(Beginning of Supplied material)

(* Let $\mathcal L$ be an arbitrary finite lattice. Then the simplicial complex $\mathcal J(\mathcal L)$ collapses onto its subcomplex $\Delta(\bar{\mathcal L})$.
   Context: For a finite lattice $\mathcal L$ with minimum $\hat0$ and maximum $\hat1$, $\bar{\mathcal L}=\mathcal L\setminus\{\hat0,\hat1\}$. $\mathcal J(\mathcal L)$ is the simplicial complex with vertex set $\bar{\mathcal L}$ whose simplices are the nonempty subsets $S\subseteq\bar{\mathcal L}$ with $\bigwedge S\neq\hat0$. $\Delta(\bar{\mathcal L})$ is the order complex of $\bar{\mathcal L}$ (simplices = nonempty chains), which is a subcomplex of $\mathcal J(\mathcal L)$. *)

From HB Require Import structures.
From mathcomp Require Import all_boot all_order.
From Stdlib Require Import Relations.Relation_Operators.
Set Implicit Arguments. Unset Strict Implicit. Unset Printing Implicit Defensive.
Import Order.Theory.
Local Open Scope order_scope.

(* A finite lattice L (with minimum \bot = 0^ and maximum \top = 1^) is a
   T : finTBLatticeType d.  Simplicial complexes are represented by their
   set of faces (nonempty finite vertex sets). *)

Section Defs.
Context {d : Order.disp_t} {T : finTBLatticeType d}.

Definition proper_part : {set T} :=
  [set x : T | (x != \bot) && (x != \top)].

Definition J_complex : {set {set T}} :=
  [set S : {set T} | [&& S != set0, S \subset proper_part
                       & \meet_(x in S) x != \bot]].

Definition is_chain (S : {set T}) : bool :=
  [forall x in S, forall y in S, (x <= y) || (y <= x)].

Definition order_complex : {set {set T}} :=
  [set S : {set T} | [&& S != set0, S \subset proper_part & is_chain S]].
End Defs.

Section Collapse.
Context {V : finType}.

Definition elementary_collapse (K K' : {set {set V}}) : Prop :=
  exists sigma tau : {set V},
    [/\ sigma \in K, tau \in K, sigma \proper tau,
        (forall rho, rho \in K -> sigma \proper rho -> rho = tau)
      & K' = (K :\ sigma) :\ tau].

Definition collapses (K K' : {set {set V}}) : Prop :=
  clos_refl_trans _ elementary_collapse K K'.
End Collapse.

From mathcomp Require Import all_boot all_order.
From mathcomp Require Import zify.
From Stdlib Require Import Relations.Relation_Operators.
Set Implicit Arguments. Unset Strict Implicit. Unset Printing Implicit Defensive.

(* From a face S of J(L), repeatedly remove the least element of S as long as it
   lies strictly below the meet of the remaining ones; the number of elements so
   removed is the depth of S.  Nothing is left exactly when S is a chain.
   Otherwise the meet of what is left, the pivot of S, is a proper element of L,
   and adding it to or removing it from S does not change the pivot; toggling the
   pivot thus pairs off all faces of J(L) that are not chains.  This matching is
   acyclic: if S lies in the partner of another lower face S' of the same size,
   then S' has smaller depth.  Removing the pairs by decreasing size and, at equal
   size, by increasing depth, each lower face is free when its turn comes. *)

Lemma setD1U1 (V : finType) (X : {set V}) w m :
  w != m -> (w |: X) :\ m = w |: (X :\ m).
Proof.
by move=> wm; apply/setP => z; rewrite !inE; case: (eqVneq z w) => [->|]; rewrite ?wm.
Qed.

Lemma setD1C (V : finType) (X : {set V}) a b : X :\ a :\ b = X :\ b :\ a.
Proof. by rewrite !setDDl setUC. Qed.

Lemma setU1_neq0 (V : finType) (X : {set V}) x : x |: X != set0.
Proof. by apply/set0Pn; exists x; rewrite setU11. Qed.

Lemma proper_card_setU1 (V : finType) (A B : {set V}) :
  A \proper B -> #|B| = #|A|.+1 -> exists2 w, w \notin A & B = w |: A.
Proof.
case/properP=> AB [w wB wA] cB; exists w => //; apply/esym/eqP.
by rewrite eqEcard subUset sub1set wB AB cardsU1 wA cB add1n ltnSn.
Qed.

Section MatchingCollapse.
Variables (V : finType) (K0 P : {set {set V}}).
Variables (up : {set V} -> {set V}) (mu : {set V} -> nat).
Implicit Types (s rho : {set V}) (L : {set {set V}}).
Hypotheses (up_proper : {in P, forall s, s \proper up s})
  (up_notin : {in P, forall s, up s \notin P})
  (up_inj : {in P &, injective up})
  (P_notin_K0 : {in P & K0, forall s rho, ~~ (s \subset rho)})
  (mu_proper : {in P &, forall s s', s \proper s' -> mu s < mu s'})
  (mu_up : {in P &, forall s s', s \proper up s' -> s != s' -> mu s < mu s'}).

Definition matched_complex L : {set {set V}} := K0 :|: L :|: up @: L.

Lemma P_up_notin_K0 s : s \in P -> (s \notin K0) && (up s \notin K0).
Proof.
by move=> sP; apply/andP; split; apply/negP => /(P_notin_K0 sP);
  rewrite ?subxx ?proper_sub ?up_proper.
Qed.

Lemma elementary_collapse_argmax L s : L \subset P -> s \in L ->
    (forall s', s' \in L -> mu s' <= mu s) ->
  elementary_collapse (matched_complex L) (matched_complex (L :\ s)).
Proof.
move=> /subsetP LP sL smax; have sP := LP s sL.
have /andP[sK0 upK0] := P_up_notin_K0 sP.
exists s, (up s); split; rewrite ?inE ?imset_f ?sL ?orbT ?up_proper //.
- move=> rho; rewrite !inE => /orP[/orP[rK0|rL]|/imsetP[s' s'L ->]] srho.
  + by have := P_notin_K0 sP rK0; rewrite proper_sub.
  + by have := leq_trans (mu_proper sP (LP _ rL) srho) (smax _ rL); rewrite ltnn.
  + have [-> //|ss'] := eqVneq s s'.
    have := leq_trans (mu_up sP (LP _ s'L) srho ss') (smax _ s'L).
    by rewrite ltnn.
- apply/setP => x; rewrite !in_setD1 !in_setU.
  have [-> {x}|xs] := eqVneq x s.
    rewrite (negbTE sK0) in_setD1 eqxx /= andbF; apply/imsetP.
    by case=> s' /setD1P[_ s'L] e; have := up_notin (LP _ s'L); rewrite -e sP.
  have [->|xu] := eqVneq x (up s).
    have upL : up s \notin L := contra (LP _) (up_notin sP).
    rewrite (negbTE upK0) in_setD1 (negbTE upL) andbF /=; apply/imsetP.
    case=> s' /setD1P[s's s'L] e.
    by move: s's; rewrite (up_inj sP (LP _ s'L) e) eqxx.
  rewrite in_setD1 xs /=; congr (_ || _); apply/imsetP/imsetP => -[s' s'L e].
    by case/setD1P: s'L => _ s'L; exists s'.
  by exists s' => //; apply/setD1P; split => //; apply: contraNneq xu => es; rewrite e es.
Qed.

Lemma matching_collapses L : L \subset P -> collapses (matched_complex L) K0.
Proof.
have [n] := ubnP #|L|; elim: n L => // n IH L hL LP.
have [->|[s0 s0L]] := set_0Vmem L.
  by rewrite /matched_complex imset0 !setU0; apply: rt_refl.
case: (arg_maxnP mu s0L) => s sL smax.
apply: rt_trans (rt_step _ _ _ _ (elementary_collapse_argmax LP sL smax)) _.
apply: IH; last exact: subset_trans (subD1set _ _) LP.
by move: hL; rewrite (cardsD1 s L) (sL : s \in L).
Qed.

End MatchingCollapse.

Import Order.Theory.
Local Open Scope order_scope.

Section Peeling.
Context {d : Order.disp_t} {T : finTBLatticeType d}.
Implicit Types (X Y : {set T}) (u v w x : T).

Definition meetS X : T := \meet_(x in X) x.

(End of Supplied material)

Exercise objective →
Beginning with the line that has "proper_part & is_chain S]]." and ending with the line that has "Implicit Types (s", set down the lines above exactly and include no others.

Finished exercise →
  [set S : {set T} | [&& S != set0, S \subset proper_part & is_chain S]].
End Defs.

Section Collapse.
Context {V : finType}.

Definition elementary_collapse (K K' : {set {set V}}) : Prop :=
  exists sigma tau : {set V},
    [/\ sigma \in K, tau \in K, sigma \proper tau,
        (forall rho, rho \in K -> sigma \proper rho -> rho = tau)
      & K' = (K :\ sigma) :\ tau].

Definition collapses (K K' : {set {set V}}) : Prop :=
  clos_refl_trans _ elementary_collapse K K'.
End Collapse.

From mathcomp Require Import all_boot all_order.
From mathcomp Require Import zify.
From Stdlib Require Import Relations.Relation_Operators.
Set Implicit Arguments. Unset Strict Implicit. Unset Printing Implicit Defensive.

(* From a face S of J(L), repeatedly remove the least element of S as long as it
   lies strictly below the meet of the remaining ones; the number of elements so
   removed is the depth of S.  Nothing is left exactly when S is a chain.
   Otherwise the meet of what is left, the pivot of S, is a proper element of L,
   and adding it to or removing it from S does not change the pivot; toggling the
   pivot thus pairs off all faces of J(L) that are not chains.  This matching is
   acyclic: if S lies in the partner of another lower face S' of the same size,
   then S' has smaller depth.  Removing the pairs by decreasing size and, at equal
   size, by increasing depth, each lower face is free when its turn comes. *)

Lemma setD1U1 (V : finType) (X : {set V}) w m :
  w != m -> (w |: X) :\ m = w |: (X :\ m).
Proof.
by move=> wm; apply/setP => z; rewrite !inE; case: (eqVneq z w) => [->|]; rewrite ?wm.
Qed.

Lemma setD1C (V : finType) (X : {set V}) a b : X :\ a :\ b = X :\ b :\ a.
Proof. by rewrite !setDDl setUC. Qed.

Lemma setU1_neq0 (V : finType) (X : {set V}) x : x |: X != set0.
Proof. by apply/set0Pn; exists x; rewrite setU11. Qed.

Lemma proper_card_setU1 (V : finType) (A B : {set V}) :
  A \proper B -> #|B| = #|A|.+1 -> exists2 w, w \notin A & B = w |: A.
Proof.
case/properP=> AB [w wB wA] cB; exists w => //; apply/esym/eqP.
by rewrite eqEcard subUset sub1set wB AB cardsU1 wA cB add1n ltnSn.
Qed.

Section MatchingCollapse.
Variables (V : finType) (K0 P : {set {set V}}).
Variables (up : {set V} -> {set V}) (mu : {set V} -> nat).
Implicit Types (s rho : {set V}) (L : {set {set V}}).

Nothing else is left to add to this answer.